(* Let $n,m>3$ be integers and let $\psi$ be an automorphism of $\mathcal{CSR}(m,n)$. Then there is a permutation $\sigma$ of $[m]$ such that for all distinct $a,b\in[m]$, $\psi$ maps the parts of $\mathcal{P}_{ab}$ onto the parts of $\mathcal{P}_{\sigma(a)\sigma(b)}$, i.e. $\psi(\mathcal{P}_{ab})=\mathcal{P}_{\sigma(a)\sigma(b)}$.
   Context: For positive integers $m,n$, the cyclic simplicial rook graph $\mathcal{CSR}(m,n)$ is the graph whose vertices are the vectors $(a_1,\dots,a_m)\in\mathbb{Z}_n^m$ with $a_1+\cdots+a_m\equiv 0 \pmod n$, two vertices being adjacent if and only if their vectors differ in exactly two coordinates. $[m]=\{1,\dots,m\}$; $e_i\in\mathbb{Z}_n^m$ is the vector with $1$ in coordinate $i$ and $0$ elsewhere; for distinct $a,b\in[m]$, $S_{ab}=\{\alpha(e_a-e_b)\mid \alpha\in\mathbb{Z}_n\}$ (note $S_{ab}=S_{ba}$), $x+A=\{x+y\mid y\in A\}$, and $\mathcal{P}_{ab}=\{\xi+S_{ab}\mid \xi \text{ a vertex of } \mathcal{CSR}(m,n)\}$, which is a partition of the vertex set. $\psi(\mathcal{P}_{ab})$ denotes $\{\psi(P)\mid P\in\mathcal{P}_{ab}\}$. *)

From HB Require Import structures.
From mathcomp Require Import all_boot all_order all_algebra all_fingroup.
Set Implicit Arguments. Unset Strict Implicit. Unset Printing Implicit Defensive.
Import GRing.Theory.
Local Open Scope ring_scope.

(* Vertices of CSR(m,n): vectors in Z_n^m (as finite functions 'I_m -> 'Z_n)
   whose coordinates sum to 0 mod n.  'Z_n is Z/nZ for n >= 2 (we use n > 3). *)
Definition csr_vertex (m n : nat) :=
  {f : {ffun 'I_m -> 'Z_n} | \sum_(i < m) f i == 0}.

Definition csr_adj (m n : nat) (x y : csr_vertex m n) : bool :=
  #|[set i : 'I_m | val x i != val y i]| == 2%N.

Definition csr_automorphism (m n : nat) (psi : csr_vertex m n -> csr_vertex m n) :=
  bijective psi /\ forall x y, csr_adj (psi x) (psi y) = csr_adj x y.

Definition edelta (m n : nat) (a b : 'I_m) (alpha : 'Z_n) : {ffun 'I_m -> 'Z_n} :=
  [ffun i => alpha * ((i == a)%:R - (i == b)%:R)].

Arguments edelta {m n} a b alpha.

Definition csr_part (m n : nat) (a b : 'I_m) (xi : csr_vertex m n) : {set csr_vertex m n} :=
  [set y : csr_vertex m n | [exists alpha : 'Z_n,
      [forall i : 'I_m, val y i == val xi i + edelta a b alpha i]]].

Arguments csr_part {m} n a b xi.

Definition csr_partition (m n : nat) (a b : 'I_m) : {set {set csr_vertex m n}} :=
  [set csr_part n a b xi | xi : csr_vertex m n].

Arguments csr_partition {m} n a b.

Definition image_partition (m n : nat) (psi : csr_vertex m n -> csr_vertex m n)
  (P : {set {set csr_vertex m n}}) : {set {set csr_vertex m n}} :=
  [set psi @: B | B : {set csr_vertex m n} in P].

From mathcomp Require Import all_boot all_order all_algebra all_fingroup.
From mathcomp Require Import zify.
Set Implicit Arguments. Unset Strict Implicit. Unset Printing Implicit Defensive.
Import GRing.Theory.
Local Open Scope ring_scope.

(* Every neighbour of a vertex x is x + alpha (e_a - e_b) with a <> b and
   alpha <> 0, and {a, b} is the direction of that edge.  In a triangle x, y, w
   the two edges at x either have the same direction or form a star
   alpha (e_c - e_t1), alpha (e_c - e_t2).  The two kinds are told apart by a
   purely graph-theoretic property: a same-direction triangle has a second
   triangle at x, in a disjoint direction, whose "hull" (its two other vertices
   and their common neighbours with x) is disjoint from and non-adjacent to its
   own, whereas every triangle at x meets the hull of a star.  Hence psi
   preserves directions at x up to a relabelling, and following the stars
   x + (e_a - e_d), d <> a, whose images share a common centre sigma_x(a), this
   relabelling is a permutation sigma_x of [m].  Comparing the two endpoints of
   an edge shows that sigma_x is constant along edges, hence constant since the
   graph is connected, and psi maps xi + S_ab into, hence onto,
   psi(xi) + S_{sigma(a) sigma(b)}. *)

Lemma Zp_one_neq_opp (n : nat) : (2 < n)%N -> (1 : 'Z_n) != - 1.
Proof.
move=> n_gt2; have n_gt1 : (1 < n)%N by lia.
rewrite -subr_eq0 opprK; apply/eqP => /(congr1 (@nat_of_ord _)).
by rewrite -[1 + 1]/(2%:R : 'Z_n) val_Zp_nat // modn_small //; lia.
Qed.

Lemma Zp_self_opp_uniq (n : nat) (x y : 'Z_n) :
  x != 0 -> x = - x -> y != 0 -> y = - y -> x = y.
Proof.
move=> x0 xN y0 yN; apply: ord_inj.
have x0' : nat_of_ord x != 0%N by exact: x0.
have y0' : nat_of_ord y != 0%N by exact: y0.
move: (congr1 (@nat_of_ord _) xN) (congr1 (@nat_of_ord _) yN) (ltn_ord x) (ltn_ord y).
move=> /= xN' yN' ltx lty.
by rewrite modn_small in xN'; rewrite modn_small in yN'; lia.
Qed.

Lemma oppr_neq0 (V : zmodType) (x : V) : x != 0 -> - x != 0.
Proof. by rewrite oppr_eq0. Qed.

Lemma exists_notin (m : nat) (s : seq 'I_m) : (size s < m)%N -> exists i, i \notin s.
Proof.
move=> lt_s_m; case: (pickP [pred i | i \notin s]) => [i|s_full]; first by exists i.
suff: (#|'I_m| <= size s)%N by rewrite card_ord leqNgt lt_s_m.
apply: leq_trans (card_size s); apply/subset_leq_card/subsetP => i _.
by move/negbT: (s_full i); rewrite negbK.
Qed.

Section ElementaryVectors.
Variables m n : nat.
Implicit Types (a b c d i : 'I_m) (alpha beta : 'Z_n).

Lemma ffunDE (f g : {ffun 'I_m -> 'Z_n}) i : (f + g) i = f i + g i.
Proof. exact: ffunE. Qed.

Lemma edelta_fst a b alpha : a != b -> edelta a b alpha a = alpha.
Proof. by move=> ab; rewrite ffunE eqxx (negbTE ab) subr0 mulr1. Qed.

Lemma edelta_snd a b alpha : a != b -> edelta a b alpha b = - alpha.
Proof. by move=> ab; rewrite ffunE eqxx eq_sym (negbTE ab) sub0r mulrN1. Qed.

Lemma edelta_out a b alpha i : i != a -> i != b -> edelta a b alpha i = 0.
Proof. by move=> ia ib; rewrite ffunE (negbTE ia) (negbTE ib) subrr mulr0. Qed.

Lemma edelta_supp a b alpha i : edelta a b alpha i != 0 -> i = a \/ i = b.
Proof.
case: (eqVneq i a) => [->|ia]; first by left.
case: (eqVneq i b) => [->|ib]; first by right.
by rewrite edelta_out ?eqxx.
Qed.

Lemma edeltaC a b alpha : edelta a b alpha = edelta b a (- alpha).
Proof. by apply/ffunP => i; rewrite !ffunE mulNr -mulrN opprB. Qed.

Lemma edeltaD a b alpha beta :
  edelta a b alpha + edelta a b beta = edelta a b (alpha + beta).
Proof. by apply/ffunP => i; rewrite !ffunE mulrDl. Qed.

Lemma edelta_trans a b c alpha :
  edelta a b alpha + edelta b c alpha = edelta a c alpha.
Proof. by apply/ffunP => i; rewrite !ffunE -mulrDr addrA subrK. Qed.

══════════

▸ **Exercise goal**: Across the data above, how many lines include the word "ffunE"? Give only the count.

▸ **Written answer**: 7